• **PROMPT**
Among the entries, how many lines hold the word "Hrule"? Respond with that number only.

• **EXERCISE MATERIAL**
▬▬▬

Theorem mainTheorem10
  (Cat : Category) (P : BinProducts Cat) (Q : BinCoproducts Cat)
  (H K V : Functor Cat)
  (FK : FreeAlgs (fob K) (@fmap Cat K))
  (FF : FreeAlgs (sumF0 Q K V) (sumF1 Q K V))
  (C : Cat) (c : Hom C (fob H C)) (Hterm : is_terminal_coalg H C c)
  (cinv : Hom (fob H C) C) (Hcinv1 : cinv \o c = idm C) (Hcinv2 : c \o cinv = idm (fob H C))
  (l : forall X : Cat, Hom (fob K (prodO P (fob H X) X)) (fob H (hob FK X)))
  (Hl : is_GSOS_rule P H K FK l)
  (b : Hom (fob K C) C)
  (Hb : c \o b = fmap H (sharp FK b) \o l C \o fmap K (pair P c (idm C)))
  (e : forall X : Cat, Hom (fob V (prodO P (fob H X) X)) (fob H (hob FF X)))
  (He : is_rps P Q H K V FF e) :
  exists s : Hom (fob V C) C,
    s = cinv \o fmap H (sharp FF (copair Q b s)) \o e C \o fmap V (pair P c (idm C))
    /\ (forall s' : Hom (fob V C) C,
          s' = cinv \o fmap H (sharp FF (copair Q b s')) \o e C \o fmap V (pair P c (idm C)) ->
          s' = s)
    /\ is_cia Q (HFhat0 H FF) (HFhat1 H FF) C (cinv \o fmap H (sharp FF (copair Q b s))).
Proof.
  pose proof (sum_rule_natural P Q H K V FK FF l Hl e He) as Hrule.
  destruct (bialg_exists P H (sumF Q K V) FF _ Hrule C c Hterm) as [a Ha].
  set (s := a \o inr Q _ _).
  assert (Ea : a = copair Q b s).
  { rewrite (copair_eta Q a) in Ha |- *.
    apply (sum_rule_bialg P Q H K V FK FF l e) in Ha as [Hinl _].
    rewrite (bialg_unique P H K FK l Hl C c Hterm _ _ Hinl Hb). reflexivity. }
  rewrite Ea in Ha.
  pose proof (sum_rule_solution P Q H K V FK FF l e c cinv Hcinv1 Hcinv2 b) as Hsolve.
  exists s. split; [|split].
  - apply Hsolve; assumption.
  - intros s' Hs'. apply Hsolve in Hs'; [|exact Hb].
    exact (proj2 (copair_inj Q b b s' s
             (bialg_unique P H (sumF Q K V) FF _ Hrule C c Hterm _ _ Hs' Ha))).
  - exact (bialg_cia P Q H (sumF Q K V) FF _ Hrule C c Hterm cinv Hcinv1 Hcinv2 _ Ha).
Qed.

▬▬▬

• **ANSWER SPACE**
4